» Exercise details
From the listing below, reproduce word for word the part that opens with the line containing "by apply: allpairs_f; rewrite mem_iota." and closes with the line containing "have /subvP sub_span"; reproduce nothing else.

Available data section start

(* ... and passes from s to s+1: A u_s^k lies in M_(s+1) + J_(s+1) for all k,
   by downward induction on k, since A u_s^k lies in M_s u_s^k + J_s u_s^k and
   J_s u_s^k lies in A u_s^(k+1) + J_(s+1). *)
Lemma lower_monomials_span_step {s} (lt_sn : (s < n)%N) :
  (fullv <= M s + J s)%VS -> (fullv <= M s.+1 + J s.+1)%VS.
Proof.
set w := u (Ordinal lt_sn) => span_s.
have mulw k : (fullv * <[w ^+ k]> <= M s.+1 + J s.+1)%VS.
  elim/(@down_ind p): k => [k le_pk | k lt_kp IHk].
    apply/prodvP => x y _ /vlineP[c ->].
    by rewrite -(subnKC le_pk) exprD u_nil mul0r scaler0 mulr0 mem0v.
  apply: (subv_trans (prodvSl _ span_s)); rewrite prodvDl subv_add.
  rewrite (subv_trans (lower_monomials_mulr lt_sn lt_kp) (addvSl _ _)) /=.
  apply: (subv_trans (prodvSl _ (ideal_from_split lt_sn))); rewrite prodvDl subv_add.
  rewrite -prodvA prodv_line -exprS IHk /=.
  apply: (subv_trans (prodvSr _ (subvf _))).
  exact: (subv_trans (ideal_from_right _) (addvSr _ _)).
apply: (subv_trans span_s); rewrite subv_add.
have M_mono : (M s <= M s.+1)%VS by rewrite -[M s]prodv1 -(expr0 w) lower_monomials_mulr.
rewrite (subv_trans M_mono (addvSl _ _)) /=.
apply: (subv_trans (ideal_from_split lt_sn)); rewrite subv_add addvSr andbT.
by have := mulw 1%N; rewrite expr1.
Qed.

Lemma monomials_span :
  (fullv <= <<[seq monomial u e | e <- enum {ffun 'I_n -> 'I_p}]>>)%VS.
Proof.
have span_s s : (s <= n)%N -> (fullv <= M s + J s)%VS.
  elim: s => [|s IHs] le_sn; first exact: lower_monomials_span0.
  exact/(lower_monomials_span_step le_sn)/IHs/ltnW.
have := span_s n (leqnn _); rewrite span_from_ge // prodv0 addv0 => /subv_trans; apply.
by apply/sub_span => x /mapP[e]; rewrite mem_filter => /andP[_ e_enum] ->; apply: map_f.
Qed.

Hypothesis dimA : \dim (fullv : {vspace A}) = (p ^ n)%N.

Lemma monomials_basis :
  basis_of fullv [seq monomial u e | e <- enum {ffun 'I_n -> 'I_p}].
Proof.
by rewrite basisEdim monomials_span size_map -cardE card_ffun !card_ord dimA /=.
Qed.

(* Each top monomial is a basis vector, hence nonzero. *)
Lemma top_from_neq0 s : top_from s != 0.
Proof.
have lt_p1p : (p.-1 < p)%N by rewrite prednK.
have -> : top_from s =
    monomial u [ffun j : 'I_n => if (s <= j)%N then Ordinal lt_p1p else Ordinal p_gt0].
  rewrite /monomial -top_fromE big_mkcond /=; apply: eq_bigr => j _.
  by rewrite ffunE; case: ifP; rewrite ?expr0.
exact/(free_not0 (basis_free monomials_basis))/map_f/mem_enum.
Qed.

Lemma pow_mod_ideal {s} (c : K) (x y : A) k : y \in J s ->
  exists2 z, z \in J s & (c *: x + y) ^+ k = c ^+ k *: x ^+ k + z.
Proof.
move=> Jy; elim: k => [|k [z Jz powk]].
  by exists 0; rewrite ?mem0v ?expr0 ?scale1r ?addr0.
exists (c ^+ k *: (x ^+ k * y) + z * (c *: x + y)).
  apply: memvD; last exact: ideal_from_mulr.
  by rewrite memvZ // (subvP (ideal_from_left s)) // memv_mul ?memvf.
by rewrite exprSr powk mulrDl mulrDr -!addrA -!scalerAl -scalerAr scalerA -!exprSr.
Qed.

(* If m is the first index with a_m != 0, then
   v = a_m u_m mod J_(m+1), so v^(p-1) u_(m+1)^(p-1) ... u_(n-1)^(p-1) is the
   nonzero monomial a_m^(p-1) u_m^(p-1) ... u_(n-1)^(p-1); as u_(n-1) is
   central, v^(p-1) u_(n-1)^(p-1) cannot vanish. *)
Lemma lin_comb_pow_neq0 {a : 'I_n -> K} {w : 'I_n} : val w = n.-1 ->
  (exists i : 'I_n, (i < n.-1)%N /\ a i != 0) ->
  (\sum_(i < n) a i *: u i) ^+ p.-1 * u w ^+ p.-1 != 0.
Proof.
move=> w_last /first_nonzero[m [lt_m_last nz_am a_lt_m]].
set v := \sum_(i < n) a i *: u i.
have v_lead : v - a m *: u m \in J m.+1.
  apply: (subvP (span_from_sub_ideal _)).
  rewrite /v (bigD1 m) //= addrAC subrr add0r; apply: memv_suml => i ne_im.
  have [lt_im | lt_mi | eq_im] := ltngtP i m.
  - by rewrite a_lt_m // scale0r mem0v.
  - by rewrite memvZ ?mem_span_from.
  - by rewrite -val_eqE /= eq_im eqxx in ne_im.
have [z Jz] := pow_mod_ideal (a m) (u m) _ p.-1 v_lead; rewrite addrC subrK => v_pow.
have v_top : v ^+ p.-1 * top_from m.+1 = a m ^+ p.-1 *: top_from m.
  by rewrite v_pow mulrDl (ideal_from_annihilates Jz) addr0 -scalerAl -top_from_recl.
have top_last : top_from m.+1 =
    (\prod_(m.+1 <= j < n.-1) u (inord j) ^+ p.-1) * u w ^+ p.-1.
  rewrite /top_from big_nat_recr //=; congr (_ * u _ ^+ _).
  by apply: val_inj; rewrite /= inordK ?w_last.
apply: contraNneq (top_from_neq0 m) => v_w0.
rewrite -(inj_eq (scalerI (expf_neq0 p.-1 nz_am))) scaler0 -v_top top_last.
set P := \prod_(m.+1 <= j < n.-1) _.
by rewrite (commrX p.-1 (esym (u_last_central w w_last P))) mulrA v_w0 mul0r.
Qed.

End IdealChain.

Section TwoVariableEvaluation.
Context {K : fieldType} {A : falgType K} {x y : A}.
Hypothesis y_central : forall a : A, y * a = a * y.
Local Notation E := (eval2 x y).

Lemma eval2D P Q : E (P + Q) = E P + E Q.
Proof. by rewrite /eval2 rmorphD hornerD. Qed.

Lemma eval20 : E 0 = 0.
Proof. by rewrite /eval2 rmorph0 horner0. Qed.

Lemma eval2M P Q : E (P * Q) = E P * E Q.
Proof. by rewrite /eval2 rmorphM hornerM_comm // /comm_poly y_central. Qed.

Lemma eval21 : E 1 = 1.
Proof. by rewrite /eval2 rmorph1 hornerC. Qed.

Lemma eval2C q : E q%:P = horner_alg x q.
Proof. by rewrite /eval2 map_polyC hornerC. Qed.

Lemma eval2_s : E ('X%:P) = x.
Proof. by rewrite eval2C horner_algX. Qed.

Lemma eval2_t : E 'X = y.
Proof. by rewrite /eval2 map_polyX hornerX. Qed.

Lemma eval2Z c P : E (c%:P%:P * P) = c *: E P.
Proof. by rewrite eval2M eval2C horner_algC mulr_algl. Qed.

Lemma eval2X P k : E (P ^+ k) = E P ^+ k.
Proof. by elim: k => [|k IHk]; rewrite ?expr0 ?eval21 // !exprS eval2M IHk. Qed.

Lemma eval2_sum I (r : seq I) (F : I -> {poly {poly K}}) :
  E (\sum_(i <- r) F i) = \sum_(i <- r) E (F i).
Proof. exact: (big_morph E eval2D eval20). Qed.

Lemma eval2_monomial i j : E ('X%:P ^+ i * 'X ^+ j) = x ^+ i * y ^+ j.
Proof. by rewrite eval2M !eval2X eval2_s eval2_t. Qed.

Lemma horner_alg_mem (q : {poly K}) : horner_alg x q \in agenv <<[:: x; y]>>%VS.
Proof.
elim/poly_ind: q => [|q c IHq]; first by rewrite rmorph0 mem0v.
rewrite rmorphD rmorphM /= horner_algX horner_algC memvD ?memvM //.
  by rewrite (subvP (sub_agenv _)) ?memv_span ?mem_head.
by rewrite memvZ // memvE sub1_agenv.
Qed.

Lemma eval2_mem P : E P \in agenv <<[:: x; y]>>%VS.
Proof.
elim/poly_ind: P => [|P c IHP]; first by rewrite eval20 mem0v.
rewrite eval2D eval2M eval2_t eval2C memvD ?memvM ?horner_alg_mem //.
by rewrite (subvP (sub_agenv _)) ?memv_span // !inE eqxx orbT.
Qed.

Context {p : nat}.
Hypothesis x_nil : x ^+ p = 0.
Hypothesis y_nil : y ^+ p = 0.

Lemma x_pow_ge k : (p <= k)%N -> x ^+ k = 0.
Proof. by move=> le_pk; rewrite -(subnKC le_pk) exprD x_nil mul0r. Qed.

Lemma y_pow_ge k : (p <= k)%N -> y ^+ k = 0.
Proof. by move=> le_pk; rewrite -(subnKC le_pk) exprD y_nil mul0r. Qed.

Definition small_monomials : seq {poly {poly K}} :=
  [seq 'X%:P ^+ i * 'X ^+ j | i <- iota 0 p, j <- iota 0 p].

Lemma mem_eval2_small i j : x ^+ i * y ^+ j \in <<map E small_monomials>>%VS.
Proof.
have [lt_ip | le_pi] := ltnP i p; last by rewrite x_pow_ge ?mul0r ?mem0v.
have [lt_jp | le_pj] := ltnP j p; last by rewrite y_pow_ge ?mulr0 ?mem0v.
rewrite -eval2_monomial memv_span // map_f //.
by apply: allpairs_f; rewrite mem_iota.
Qed.

(* The image of E is exactly the subalgebra generated by x and y: the span of
   the x^i y^j contains 1 and is stable under right multiplication by x, y. *)
Lemma eval2_image z : z \in agenv <<[:: x; y]>>%VS <-> exists P, E P = z.
Proof.
split=> [|[P <-]]; last exact: eval2_mem.
have /subvP sub_span : (agenv <<[:: x; y]>> <= <<map E small_monomials>>)%VS.
  apply: agenv_sub_modl.
    by rewrite -memvE -[1]mulr1 -{1}(expr0 x) -(expr0 y) mem_eval2_small.
  apply: span_prodv_sub => a b; rewrite !inE.
  move=> /orP[] /eqP-> /mapP[_ /allpairsP[[i j] /= [_ _ ->]] ->].
    by rewrite eval2_monomial mulrA -exprS mem_eval2_small.
  by rewrite eval2_monomial mulrA y_central -mulrA -exprS mem_eval2_small.
move=> /sub_span z_span; set X := in_tuple (map E small_monomials).
exists (\sum_i (coord X i z)%:P%:P * small_monomials`_i).
rewrite [RHS](coord_span (X := X) z_span) eval2_sum; apply: eq_bigr => i _.
by rewrite eval2Z /= (nth_map 0) // -(size_map E) (ltn_ord i).
Qed.

Lemma sandwich_small i j i' j' : (i < p)%N -> (j < p)%N ->
  x ^+ (p.-1 - i) * (x ^+ i' * y ^+ j') * y ^+ (p.-1 - j) =
    if (i' <= i)%N && (j' <= j)%N
    then x ^+ (p.-1 - (i - i')) * y ^+ (p.-1 - (j - j')) else 0.
Proof.
move=> lt_ip lt_jp; rewrite !mulrA -exprD -mulrA -exprD.
case: ifP => [/andP[le_i'i le_j'j] | /nandP[]]; rewrite -?ltnNge.
- by congr (x ^+ _ * y ^+ _); lia.
- by move=> lt_ii'; rewrite x_pow_ge ?mul0r //; lia.
- by move=> lt_jj'; rewrite y_pow_ge ?mulr0 //; lia.
Qed.

Hypothesis top_neq0 : x ^+ p.-1 * y ^+ p.-1 != 0.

Available data section end

» Written solution
by apply: allpairs_f; rewrite mem_iota.
Qed.

(* The image of E is exactly the subalgebra generated by x and y: the span of
   the x^i y^j contains 1 and is stable under right multiplication by x, y. *)
Lemma eval2_image z : z \in agenv <<[:: x; y]>>%VS <-> exists P, E P = z.
Proof.
split=> [|[P <-]]; last exact: eval2_mem.
have /subvP sub_span : (agenv <<[:: x; y]>> <= <<map E small_monomials>>)%VS.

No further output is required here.